(* Let $c<1$ be a constant and $p=p(n)=\frac{c}{n}$. Then $\mathbb{P}_{n,p}\big(G \text{ is realizable in } \mathbb{R}^2 \text{ as a distance graph}\big)\to 1$ as $n\to\infty$, where $G$ is the random graph $G(n,p)$.
   Context: $G(n,p)$ is the Erdős–Rényi random graph on $n$ labelled vertices in which each of the $\binom n2$ possible edges is present independently with probability $p$ ($p$ may depend on $n$); $\mathbb{P}_{n,p}$ is the corresponding probability. A distance graph in $\mathbb{R}^d$ is a finite graph $(V,E)$ with $V\subset\mathbb{R}^d$ finite and $E\subseteq\{\{\mathbf{x},\mathbf{y}\}\subseteq V: |\mathbf{x}-\mathbf{y}|=1\}$ (Euclidean norm). A graph is realizable in $\mathbb{R}^d$ as a distance graph if it is isomorphic to some distance graph in $\mathbb{R}^d$, i.e. its vertices can be mapped injectively to points of $\mathbb{R}^d$ so that every edge joins two points at Euclidean distance $1$. *)

From Stdlib Require Import Reals List Arith Classical ClassicalEpsilon.
Open Scope R_scope.

(* Unordered pairs {i,j} of vertices of [n] = {0,...,n-1}, listed as (i,j) with i<j.
   Its length is n choose 2. *)
Definition vpairs (n : nat) : list (nat * nat) :=
  flat_map (fun j => map (fun i => (i, j)) (seq 0 j)) (seq 0 n).

Fixpoint bitlists (m : nat) : list (list bool) :=
  match m with
  | O => nil :: nil
  | S k => map (cons true) (bitlists k) ++ map (cons false) (bitlists k)
  end.

(* A labelled graph on [n] is encoded by a bit list b of length (n choose 2):
   the pair (vpairs n)_k is an edge iff b_k = true. *)
Definition adj (n : nat) (b : list bool) (i j : nat) : Prop :=
  In (((i, j) : nat * nat), true) (combine (vpairs n) b) \/ In (((j, i) : nat * nat), true) (combine (vpairs n) b).

Definition graph_weight (p : R) (b : list bool) : R :=
  fold_right (fun (x : bool) (acc : R) => (if x then p else 1 - p) * acc) 1 b.

Definition dist2 (u v : R * R) : R :=
  sqrt ((fst u - fst v) ^ 2 + (snd u - snd v) ^ 2).

Definition realizable_R2 (n : nat) (E : nat -> nat -> Prop) : Prop :=
  exists f : nat -> R * R,
    (forall i j, (i < n)%nat -> (j < n)%nat -> i <> j -> f i <> f j) /\
    (forall i j, (i < n)%nat -> (j < n)%nat -> E i j -> dist2 (f i) (f j) = 1).

Definition indicator (P : Prop) : R :=
  if excluded_middle_informative P then 1 else 0.

Definition prob_realizable (n : nat) (p : R) : R :=
  fold_right Rplus 0
    (map (fun b => graph_weight p b * indicator (realizable_R2 n (adj n b)))
         (bitlists (length (vpairs n)))).

(* A graph can be drawn in the plane with unit edges as soon as no component has more
   edges than vertices.  Indeed, a vertex with at most one neighbour is placed last, at a
   fresh point at distance 1 from that neighbour; if every vertex has degree at least two,
   a longest path has a chord at each end, and unless both ends share the same chord this
   gives a path with two chords.  Otherwise the path closes into a cycle which, by
   maximality and the absence of a second chord, is a whole component; it is drawn as a
   unit-distance polygon far away from the rest.
   A path with two chords on k vertices has k + 1 edges, and there are at most n^k k^4 of
   them, so in G(n, c/n) their expected number is at most (c/n) sum_k k^4 c^k = O(1/n). *)

From Stdlib Require Import Reals List Arith Lia Lra Classical ClassicalEpsilon.
Open Scope R_scope.

Definition lsum {A} (l : list A) (f : A -> R) : R := fold_right Rplus 0 (map f l).

Lemma lsum_cons {A} (x : A) l f : lsum (x :: l) f = f x + lsum l f.
Proof. reflexivity. Qed.

Lemma lsum_app {A} (l1 l2 : list A) f : lsum (l1 ++ l2) f = lsum l1 f + lsum l2 f.
Proof. unfold lsum; induction l1; simpl; rewrite ?IHl1; lra. Qed.

Lemma lsum_map {A B} (g : A -> B) l f : lsum (map g l) f = lsum l (fun x => f (g x)).
Proof. unfold lsum; rewrite map_map; reflexivity. Qed.

Lemma lsum_plus {A} (l : list A) f g : lsum l (fun x => f x + g x) = lsum l f + lsum l g.
Proof. unfold lsum; induction l; simpl; rewrite ?IHl; lra. Qed.

Lemma lsum_scal {A} (l : list A) a f : lsum l (fun x => a * f x) = a * lsum l f.
Proof. unfold lsum; induction l; simpl; rewrite ?IHl; lra. Qed.

Lemma lsum_const {A} (l : list A) a : lsum l (fun _ => a) = INR (length l) * a.
Proof. unfold lsum; induction l; simpl length; rewrite ?S_INR; simpl; rewrite ?IHl; lra. Qed.

Lemma lsum_ext {A} (l : list A) f g : (forall x, In x l -> f x = g x) -> lsum l f = lsum l g.
Proof. intros H; unfold lsum; f_equal; apply map_ext_in; exact H. Qed.

Lemma lsum_le {A} (l : list A) f g : (forall x, In x l -> f x <= g x) -> lsum l f <= lsum l g.
Proof.
  induction l as [|x l IH]; intros H; unfold lsum in *; simpl in *; [lra|].
  specialize (IH (fun y hy => H y (or_intror hy))); specialize (H x (or_introl eq_refl)); lra.
Qed.

Lemma lsum_nonneg {A} (l : list A) f : (forall x, In x l -> 0 <= f x) -> 0 <= lsum l f.
Proof.
  intros H; apply Rle_trans with (lsum l (fun _ => 0)).
  - rewrite lsum_const; lra.
  - apply lsum_le; exact H.
Qed.

Lemma lsum_flat_map {A B} (g : A -> list B) l f :
  lsum (flat_map g l) f = lsum l (fun x => lsum (g x) f).
Proof. induction l; simpl; [reflexivity|]; rewrite lsum_app, lsum_cons, IHl; reflexivity. Qed.

Lemma lsum_exchange {A B} (l1 : list A) (l2 : list B) f :
  lsum l1 (fun x => lsum l2 (f x)) = lsum l2 (fun y => lsum l1 (fun x => f x y)).
Proof.
  induction l1 as [|x l1 IH].
  - symmetry; rewrite (lsum_ext _ _ (fun _ => 0)) by reflexivity.
    rewrite lsum_const, Rmult_0_r; reflexivity.
  - rewrite lsum_cons, IH, <- lsum_plus; apply lsum_ext; intros; reflexivity.
Qed.

Lemma lsum_seq f N : lsum (seq 0 (S N)) f = sum_f_R0 f N.
Proof.
  induction N; [unfold lsum; simpl; ring|].
  rewrite seq_S, lsum_app, IHN; unfold lsum; simpl; ring.
Qed.

Lemma indicator_true (P : Prop) : P -> indicator P = 1.
Proof. unfold indicator; destruct excluded_middle_informative; tauto. Qed.

Lemma indicator_false (P : Prop) : ~ P -> indicator P = 0.
Proof. unfold indicator; destruct excluded_middle_informative; tauto. Qed.

Lemma indicator_bounds P : 0 <= indicator P <= 1.
Proof. unfold indicator; destruct excluded_middle_informative; lra. Qed.

Lemma indicator_le (P Q : Prop) : (P -> Q) -> indicator P <= indicator Q.
Proof.
  intros H; unfold indicator.
  do 2 destruct excluded_middle_informative; try lra; tauto.
Qed.

Lemma indicator_iff (P Q : Prop) : (P <-> Q) -> indicator P = indicator Q.
Proof. intros [H1 H2]; apply Rle_antisym; apply indicator_le; assumption. Qed.

Lemma indicator_and (P Q : Prop) : indicator (P /\ Q) = indicator P * indicator Q.
Proof.
  destruct (classic P), (classic Q);
    rewrite ?(indicator_true P), ?(indicator_false P), ?(indicator_true Q), ?(indicator_false Q),
      ?indicator_true, ?indicator_false by tauto; ring.
Qed.

Lemma indicator_exists_le {A} (L : list A) (P : A -> Prop) :
  indicator (exists x, In x L /\ P x) <= lsum L (fun x => indicator (P x)).
Proof.
  induction L as [|a L IH].
  - rewrite indicator_false by (intros [x [[] _]]); unfold lsum; simpl; lra.
  - rewrite lsum_cons; destruct (classic (P a)) as [Ha|Ha].
    + pose proof (indicator_bounds (exists x, In x (a :: L) /\ P x)).
      assert (0 <= lsum L (fun x => indicator (P x)))
        by (apply lsum_nonneg; intros; apply indicator_bounds).
      rewrite (indicator_true (P a)) by exact Ha; lra.
    + rewrite (indicator_false (P a)) by exact Ha.
      enough (indicator (exists x, In x (a :: L) /\ P x) <= indicator (exists x, In x L /\ P x))
        by lra.
      apply indicator_le; intros [x [[<-|hx] hp]]; [tauto | eauto].
Qed.

Lemma graph_weight_nonneg p b : 0 <= p <= 1 -> 0 <= graph_weight p b.
Proof. intros Hp; induction b as [|[] b]; simpl; try apply Rmult_le_pos; lra. Qed.

Lemma graph_weight_sum p m : lsum (bitlists m) (graph_weight p) = 1.
Proof.
  induction m; [unfold lsum; simpl; lra|].
  simpl; rewrite lsum_app, !lsum_map; simpl.
  rewrite (lsum_scal _ p (graph_weight p)), (lsum_scal _ (1 - p) (graph_weight p)), IHm; lra.
Qed.

Lemma prob_all_present {K} p (L : list K) (S : K -> bool) : NoDup L ->
  lsum (bitlists (length L)) (fun b => graph_weight p b *
    indicator (forall s, In s L -> S s = true -> In (s, true) (combine L b)))
  = p ^ length (filter S L).
Proof.
  induction L as [|x L IH]; intros hL.
  - unfold lsum; simpl; rewrite indicator_true by (intros _ []); ring.
  - apply NoDup_cons_iff in hL as [hx hL].
    assert (event : forall y b,
      (forall s, In s (x :: L) -> S s = true -> In (s, true) (combine (x :: L) (y :: b))) <->
      (S x = true -> y = true) /\
      (forall s, In s L -> S s = true -> In (s, true) (combine L b))).
    { intros y b; simpl; split.
      - intros H; split.
        + intros hS; destruct (H x (or_introl eq_refl) hS) as [e|e];
            [congruence | apply in_combine_l in e; contradiction].
        + intros s hs hS; destruct (H s (or_intror hs) hS) as [e|e]; [|exact e].
          injection e as <- _; contradiction.
      - intros [H1 H2] s [<-|hs] hS; [left; rewrite H1 by exact hS; reflexivity|].
        right; auto. }
    assert (split : forall y, lsum (bitlists (length L)) (fun b => graph_weight p (y :: b) *
        indicator (forall s, In s (x :: L) -> S s = true -> In (s, true) (combine (x :: L) (y :: b))))
      = (if y then p else 1 - p) * indicator (S x = true -> y = true) * p ^ length (filter S L)).
    { intros y; rewrite <- (IH hL), <- lsum_scal; apply lsum_ext; intros b _.
      rewrite (indicator_iff _ _ (event y b)), indicator_and; simpl; ring. }
    simpl length; simpl bitlists; rewrite lsum_app, !lsum_map, !split.
    destruct (S x) eqn:hS; simpl filter; simpl length.
    + rewrite (indicator_true (true = true -> true = true)) by auto.
      rewrite indicator_false by (intros H; discriminate (H eq_refl)); simpl; ring.
    + rewrite !indicator_true by discriminate; ring.
Qed.

Lemma In_vpairs n i j : In (i, j) (vpairs n) <-> (i < j < n)%nat.
Proof.
  unfold vpairs; rewrite in_flat_map; split.
  - intros [x [Hx Hy]]; apply in_seq in Hx; apply in_map_iff in Hy.
    destruct Hy as [y [E Hy]]; injection E as -> ->; apply in_seq in Hy; lia.
  - intros H; exists j; split; [apply in_seq; lia|].
    apply in_map_iff; exists i; split; [reflexivity | apply in_seq; lia].
Qed.

Lemma NoDup_vpairs n : NoDup (vpairs n).
Proof.
  induction n; [constructor|].
  unfold vpairs in *; rewrite seq_S, flat_map_app; apply NoDup_app; auto.
  - simpl; rewrite app_nil_r; apply NoDup_map_NoDup_ForallPairs; [|apply seq_NoDup].
    intros x y _ _ E; injection E; auto.
  - intros [a b] H1 H2; apply in_flat_map in H1 as [x [Hx Hy]]; apply in_seq in Hx.
    apply in_map_iff in Hy as [y [E _]]; injection E as <- <-.
    simpl in H2; rewrite app_nil_r in H2; apply in_map_iff in H2 as [z [E _]].
    injection E; lia.
Qed.

Lemma adj_sym n b i j : adj n b i j -> adj n b j i.
Proof. unfold adj; tauto. Qed.

Lemma adj_irrefl n b i : ~ adj n b i i.
Proof. intros [H|H]; apply in_combine_l, In_vpairs in H; lia. Qed.

Lemma adj_lt n b i j : adj n b i j -> (i < n /\ j < n)%nat.
Proof. intros [H|H]; apply in_combine_l, In_vpairs in H; lia. Qed.

Lemma adj_ordered n b i j : (i < j)%nat -> adj n b i j -> In ((i, j), true) (combine (vpairs n) b).
Proof. intros Hij [H|H]; [exact H|]; apply in_combine_l, In_vpairs in H; lia. Qed.

Lemma dist2_unit u v : (fst u - fst v) ^ 2 + (snd u - snd v) ^ 2 = 1 -> dist2 u v = 1.
Proof. unfold dist2; intros ->; apply sqrt_1. Qed.

Lemma dist2_sym u v : dist2 u v = dist2 v u.
Proof. unfold dist2; f_equal; ring. Qed.

Lemma dist2_shift a b D : dist2 (fst a + D, snd a) (fst b + D, snd b) = dist2 a b.
Proof. unfold dist2; simpl; f_equal; ring. Qed.

Lemma exists_unit_avoiding (L : list R) : exists t, 0 < t <= 1 /\ ~ In t L.
Proof.
  set (T := map (fun k => / (INR k + 1)) (seq 0 (S (length L)))).
  assert (hT : ~ incl T L).
  { intros H; apply NoDup_incl_length in H.
    - unfold T in H; rewrite length_map, length_seq in H; lia.
    - apply NoDup_map_NoDup_ForallPairs; [|apply seq_NoDup].
      intros a c _ _ e; apply INR_eq; apply Rinv_eq_reg in e; lra. }
  apply not_all_ex_not in hT as [t ht]; apply imply_to_and in ht as [hin hnot].
  exists t; split; [|exact hnot].
  apply in_map_iff in hin as [k [<- _]]; pose proof (pos_INR k).
  split; [apply Rinv_0_lt_compat; lra|].
  rewrite <- Rinv_1; apply Rinv_le_contravar; lra.
Qed.

Lemma exists_unit_neighbour (q : R * R) (L : list R) :
  exists P, dist2 P q = 1 /\ ~ In (fst P) L.
Proof.
  destruct (exists_unit_avoiding (map (fun y => y - fst q) L)) as [t [Ht HL]].
  exists (fst q + t, snd q + sqrt (1 - t ^ 2)); split.
  - apply dist2_unit; cbn [fst snd].
    replace (fst q + t - fst q) with t by ring.
    replace (snd q + sqrt (1 - t ^ 2) - snd q) with (sqrt (1 - t ^ 2)) by ring.
    rewrite pow2_sqrt by nra; ring.
  - simpl; intros H; apply HL, in_map_iff; exists (fst q + t); split; [ring | exact H].
Qed.

(* A unit-distance [k]-gon: [k/2] points along y = 0 and back along y = -1; for odd [k]
   one more point (-sqrt 3/2, -1/2) at distance 1 from both (0,0) and (0,-1). *)
Definition unit_polygon (k j : nat) : R * R :=
  if (j <? Nat.div2 k)%nat then (INR j, 0)
  else if (j <? 2 * Nat.div2 k)%nat then (INR (2 * Nat.div2 k - 1 - j), -1)
  else (- sqrt 3 / 2, - / 2).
=======
[Required action]
Copy back the listing above exactly, but only from the line with "(f i) (f j) = 1)." through the line with "(* A graph can", both ends included.

[Written reply]
    (forall i j, (i < n)%nat -> (j < n)%nat -> E i j -> dist2 (f i) (f j) = 1).

Definition indicator (P : Prop) : R :=
  if excluded_middle_informative P then 1 else 0.

Definition prob_realizable (n : nat) (p : R) : R :=
  fold_right Rplus 0
    (map (fun b => graph_weight p b * indicator (realizable_R2 n (adj n b)))
         (bitlists (length (vpairs n)))).

(* A graph can be drawn in the plane with unit edges as soon as no component has more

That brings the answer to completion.